Recognizing this complexity of inner speech, particularly its conversational and social features, is important both for ecological validity (Fernyhough, 2013) and for understanding atypical cognition (Fernyhough, 2004). Auditory verbal hallucinations (AVH) have been proposed to reflect misattributed instances of inner speech (Bentall, 1990; Frith, 1992), but studies inspired by this view have arguably relied on a relatively impoverished, ‘monologic’ view of inner speech. In the context of a growing recognition of social and conversational dimensions of AVH (Bell, 2013; Ford et al., 2014), knowing more about the heterogeneity of inner speech could enhance AVH models (Jones and Fernyhough, 2007).

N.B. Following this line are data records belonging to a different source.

(* Let $\{\mathcal{G}_i:i\in I\}$ be a sliced system. Then for each $i\in I$ there exist functions $h^-_i,h^+_i\in C(\mathbb{R},\mathbb{R}^* )$ such that $\mathcal{G}_i\subseteq(h^-_i,h^+_i)$ and $h^+_i\le h^-_j$ whenever $i<j$.
   Context: $\mathbb{R}^*=\mathbb{R}\cup\{-\infty,\infty\}$ with its usual order topology; for $f,h\in C(\mathbb{R},\mathbb{R}^* )$, $f\le h$ means $f(x)\le h(x)$ for all $x$, and $(f,h)=\{g\in C(\mathbb{R},\mathbb{R}):(\forall x)\,f(x)<g(x)<h(x)\}$. Let $(I,<)$ be a linearly ordered set and for each $i\in I$ let $\mathcal{G}_i\subseteq C(\mathbb{R},\mathbb{R})$ be nonempty. The indexed system $\{\mathcal{G}_i:i\in I\}$ is sliced if for every $i\in I$ there exist $g^-_i,g^+_i\in C(\mathbb{R},\mathbb{R}^* )$ with $\bigcup_{j<i}\mathcal{G}_j\subseteq(-\infty,g^-_i)$, $\mathcal{G}_i\subseteq(g^-_i,g^+_i)$, and $\bigcup_{j>i}\mathcal{G}_j\subseteq(g^+_i,\infty)$. *)

From HB Require Import structures.
From mathcomp Require Import all_boot all_order all_algebra.
From mathcomp Require Import all_classical all_reals all_analysis.
Set Implicit Arguments. Unset Strict Implicit. Unset Printing Implicit Defensive.
Import Order.TTheory GRing.Theory Num.Theory numFieldNormedType.Exports.
Local Open Scope ring_scope.
Local Open Scope ereal_scope.

(* The extended reals are \bar R (with their order topology).
   C(R, extended R) : functions f : R -> \bar R with [continuous f].
   C(R,R)   : functions g : R -> R with [continuous g]. *)

Definition fun_interval (R : realType) (f h : R -> \bar R) : set (R -> R) :=
  [set g : R -> R | continuous g /\ forall x : R, f x < (g x)%:E < h x].

Definition fle (R : realType) (f h : R -> \bar R) : Prop := forall x, f x <= h x.

Definition sliced (R : realType) (d : Order.disp_t) (I : orderType d)
    (G : I -> set (R -> R)) : Prop :=
  forall i : I, exists gm gp : R -> \bar R,
    continuous gm /\ continuous gp /\
    (forall j, (j < i)%O -> (G j `<=` fun_interval (fun _ => -oo) gm)%classic) /\
    (G i `<=` fun_interval gm gp)%classic /\
    (forall j, (i < j)%O -> (G j `<=` fun_interval gp (fun _ => +oo)))%classic.

From HB Require Import structures.
From mathcomp Require Import all_boot all_order all_algebra.
From mathcomp Require Import all_classical all_reals all_analysis.
Import Order.TTheory GRing.Theory Num.Theory numFieldNormedType.Exports.
Local Open Scope ring_scope.

(* Keep the lower slicing functions [h^-_i := g^-_i].  For the upper ones,
   [g^+_i] already works against every [j] separated from [i] by some [k],
   since a member of the nonempty [G_k] runs strictly between [g^+_i] and
   [g^-_j].  The only index not separated from [i] is its immediate successor
   [s], if any, and then [h^+_i := min (g^+_i, g^-_s)] is still continuous and
   still lies above [G_i]. *)

Lemma succ_or_dense {d} {I : orderType d} (i : I) :
  (exists2 s : I, (i < s)%O & forall k, (i < k)%O -> (s <= k)%O) \/
  (forall j, (i < j)%O -> exists2 k, (i < k)%O & (k < j)%O).
Proof.
have [dense|] := pselect (forall j, (i < j)%O -> exists2 k, (i < k)%O & (k < j)%O).
  by right.
move=> /existsNP[s /not_implyP[i_s no_between]]; left; exists s => // k ik.
by rewrite leNgt; apply/negP => ks; apply: no_between; exists k.
Qed.

Section upper_slices.
Set Implicit Arguments.
Unset Strict Implicit.
Local Open Scope classical_set_scope.
Local Open Scope ereal_scope.
Variables (R : realType) (d : Order.disp_t) (I : orderType d).
Variable G : I -> set (R -> R).
Hypothesis G_neq0 : forall i, G i !=set0.
Variables gm gp : I -> R -> \bar R.
Hypothesis gm_cont : forall i, continuous (gm i).
Hypothesis gp_cont : forall i, continuous (gp i).
Hypothesis G_below_gm :
  forall i j, (j < i)%O -> G j `<=` fun_interval (fun _ => -oo) (gm i).
Hypothesis G_between : forall i, G i `<=` fun_interval (gm i) (gp i).
Hypothesis G_above_gp :
  forall i j, (i < j)%O -> G j `<=` fun_interval (gp i) (fun _ => +oo).

Lemma gp_lt_gm i k j x : (i < k)%O -> (k < j)%O -> gp i x < gm j x.
Proof.
move=> ik kj; have [g Gkg] := G_neq0 k.
have [_ /(_ x) /andP[gp_g _]] := G_above_gp ik Gkg.
have [_ /(_ x) /andP[_ g_gm]] := G_below_gm kj Gkg.
exact: lt_trans gp_g g_gm.
Qed.

Lemma exists_upper_slice i : exists h : R -> \bar R,
  [/\ continuous h, G i `<=` fun_interval (gm i) h &
      forall j, (i < j)%O -> fle h (gm j)].
Proof.
have [[s i_s s_min]|dense] := succ_or_dense i.
  exists (gp i \min gm s); split.
  - exact: min_fun_continuous.
  - move=> g Gig; have [g_cont g_in] := G_between Gig; split=> // x.
    have /andP[-> g_gp] := g_in x.
    have [_ /(_ x) /andP[_ g_gm]] := G_below_gm i_s Gig.
    by rewrite /= lt_min g_gp g_gm.
  - move=> j ij x /=; have := s_min j ij; rewrite le_eqVlt => /orP[/eqP <-|sj].
      by rewrite ge_min lexx orbT.
    by rewrite ge_min (ltW (gp_lt_gm x i_s sj)).
exists (gp i); split=> // j ij x.
by have [k ik kj] := dense j ij; exact: ltW (gp_lt_gm x ik kj).
Qed.

End upper_slices.

Theorem lemma5p3 (R : realType) (d : Order.disp_t) (I : orderType d)
    (G : I -> set (R -> R))
    (HGcont : forall i (g : R -> R), G i g -> continuous g)
    (HGne : forall i, (G i !=set0)%classic)
    (Hsl : sliced G) :
  exists hm hp : I -> R -> \bar R,
    (forall i, continuous (hm i) /\ continuous (hp i) /\
               (G i `<=` fun_interval (hm i) (hp i))%classic) /\
    (forall i j : I, (i < j)%O -> fle (hp i) (hm j)).
Proof.
have /choice[gm /choice[gp slicing]] := Hsl.
have gm_cont i : continuous (gm i) by case: (slicing i).
have gp_cont i : continuous (gp i) by case: (slicing i) => _ [].
have G_below_gm i j : (j < i)%O ->
    (G j `<=` fun_interval (fun=> -oo%E) (gm i))%classic.
  by case: (slicing i) => _ [_ [below _]]; exact: below.
have G_between i : (G i `<=` fun_interval (gm i) (gp i))%classic.
  by case: (slicing i) => _ [_ [_ [between _]]].
have G_above_gp i j : (i < j)%O ->
    (G j `<=` fun_interval (gp i) (fun=> +oo%E))%classic.
  by case: (slicing i) => _ [_ [_ [_ above]]]; exact: above.
have /choice[hp upper] :=
  exists_upper_slice HGne gm_cont gp_cont G_below_gm G_between G_above_gp.
exists gm, hp; split=> [i|i j ij]; have [hp_cont G_in hp_le] := upper i.
  by split; [exact: gm_cont | split].
exact: hp_le.
Qed.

Almost no data exist on the neural basis of dialogic or conversational inner speech, and what there is has largely focused on imagining words or sentences spoken in other voices (often referred to as ‘auditory verbal imagery’). For example, Shergill et al. (2001) asked participants either to silently rehearse sentences of the form ‘I like x…’ in their own voice (inner speech) or to imagine sentences spoken in another voice in the second or third person (auditory verbal imagery). While sentence repetition was associated with activation of left IFG, superior temporal gyrus (STG), insula and the SMA, imagined speech in another person’s voice recruited a bilateral frontotemporal network, including right IFG, left pre-central gyrus and right STG. Similarly, in an AVH study by Linden et al. (2011), auditory imagery for familiar voices, such as conversations with family members, was associated with bilateral activation in IFG, superior temporal sulcus (STS), SMA and anterior cingulate cortex in healthy participants.

Research on overt conversational processing has also implicated a bilateral network including right frontal and temporal homologues of left-sided language regions. For example, Caplan and Dapretto (2001) compared judgements for logical and contextual violations of conversations in an functional magnetic resonance imaging (fMRI) task. Whereas logic judgements were associated with a left-sided Broca–Wernicke network, judgements about pragmatic context recruited right inferior frontal and middle temporal gyri, along with right prefrontal cortex (PFC). The involvement of right frontotemporal regions in pragmatic language processing is supported by evidence of selective impairments in prosody, humour and figurative language in cases of right-hemisphere damage (Mildner, 2007).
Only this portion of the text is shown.